I went to the edge of the willows and broke up some sticks and twisted some dead limbs off a fallen cottonwood. When I came back I started feeding the fire again and made another pot of coffee. I knew a thing or two about the Rabbit Ears country, and I'd heard some stories. More than likely, bunkhouse talk being what it was, Steve Hooker had heard the same tales. And like he said, there was no good reason for anybody like those folks to want to go into such country.

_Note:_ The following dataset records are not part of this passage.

Lemma cos_poly_zeros D f :
  cos_poly D f -> (forall t, f t = 0) \/ period_zeros_le f (2 * D).
Proof.
intros Hf; destruct (cos_poly_zeros_upto_PI D f Hf) as [Hzero | Hhalf]; [now left | right].
intros L NL HL.
set (lower := fun t => if Rle_dec t PI then true else false).
assert (Hlow : (length (filter lower L) <= D)%nat).
{ apply Hhalf; [now apply NoDup_filter|].
  intros t Ht; apply filter_In in Ht as [Ht Hlt]; unfold lower in Hlt.
  destruct (Rle_dec t PI); [|discriminate].
  destruct (HL t Ht) as [[] ?]; split; [lra | assumption]. }
assert (Hup : (length (map (fun t : R => (2 * PI - t)%R)
                            (filter (fun t => negb (lower t)) L)) <= D)%nat).
{ apply Hhalf.
  - apply NoDup_map_NoDup_ForallPairs; [intros x y _ _ E; lra | now apply NoDup_filter].
  - intros s Hs; apply in_map_iff in Hs as [t [<- Ht]].
    apply filter_In in Ht as [Ht Hgt]; unfold lower in Hgt.
    destruct (Rle_dec t PI); [discriminate|].
    destruct (HL t Ht) as [[] Hft]; split; [lra|].
    rewrite (cos_poly_reflect D f t Hf); exact Hft. }
rewrite length_map in Hup; rewrite <- (filter_length lower L); lia.
Qed.

(* Real and imaginary parts of [z^m c(z)] at [z = e^(it)]. *)
Definition re_rotated (c : nat -> Z) (m : nat) (t : R) : R :=
  cos (INR m * t) * re_circle c m t - sin (INR m * t) * im_circle c m t.
Definition im_rotated (c : nat -> Z) (m : nat) (t : R) : R :=
  sin (INR m * t) * re_circle c m t + cos (INR m * t) * im_circle c m t.

Lemma sqmod_rotated c m t :
  re_rotated c m t ^ 2 + im_rotated c m t ^ 2 = sqmod_on_circle c m t.
Proof.
rewrite sqmod_on_circleE; unfold re_rotated, im_rotated.
pose proof (sin2_cos2 (INR m * t)) as Hsc; unfold Rsqr in Hsc.
transitivity ((sin (INR m * t) * sin (INR m * t) + cos (INR m * t) * cos (INR m * t))
              * (re_circle c m t ^ 2 + im_circle c m t ^ 2)); [ring | rewrite Hsc; ring].
Qed.

Lemma re_im_circle_shift (c A B : nat -> Z) (m : nat) (s : Z) t :
  (forall i, (i < m)%nat -> c i = A i) ->
  (forall i, (i < m)%nat -> c (m + i)%nat = (s * B i)%Z) ->
  re_circle c (m + m) t = re_circle A m t + IZR s * re_rotated B m t
  /\ im_circle c (m + m) t = im_circle A m t + IZR s * im_rotated B m t.
Proof.
intros HA HB; unfold re_rotated, im_rotated, re_circle, im_circle.
set (u := cos (INR m * t)); set (v := sin (INR m * t)).
rewrite !rsum_add_length.
assert (Hlow : forall g : R -> R, rsum m (fun i => IZR (c i) * g (INR i * t))
                              = rsum m (fun i => IZR (A i) * g (INR i * t))).
{ intros g; apply rsum_ext; intros i Hi; rewrite HA by exact Hi; reflexivity. }
rewrite !Hlow; split; f_equal.
- rewrite (rsum_ext m _ (fun i => IZR s * u * (IZR (B i) * cos (INR i * t))
                                  + - IZR s * v * (IZR (B i) * sin (INR i * t)))).
  + rewrite rsum_plus, !rsum_scal; ring.
  + intros i Hi; rewrite HB, mult_IZR, plus_INR, Rmult_plus_distr_r, cos_plus by exact Hi.
    unfold u, v; ring.
- rewrite (rsum_ext m _ (fun i => IZR s * v * (IZR (B i) * cos (INR i * t))
                                  + IZR s * u * (IZR (B i) * sin (INR i * t)))).
  + rewrite rsum_plus, !rsum_scal; ring.
  + intros i Hi; rewrite HB, mult_IZR, plus_INR, Rmult_plus_distr_r, sin_plus by exact Hi.
    unfold u, v; ring.
Qed.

"You sure took them far off the route," I commented dryly, "where they'd meet nobody who could tell them different."

"When we got to Griffin," Hooker said, "I approached her, told her as how I'd heard she wanted a wagon man, and I was a man who knew the country to the west.

Upshot of it was, she bought the horses and wagon, outfitted us complete."

He looked around at me. "She had me spooked, that girl did. And he was almost as bad. I don't know what it was, nothing they did or said, but she kept a-watching me and it kind of got me.

"Then one night I heard them talking. They thought I'd taken the stock off to water, and so I had, but I snuck back to listen. First thing I heard her say was 'Of course. Why waste our money on him? When we get to the Rabbit Ears we'll know our way back, so we'll kill him.' Thing that got me was she was so matter of fact about it, like she'd ask the time of day.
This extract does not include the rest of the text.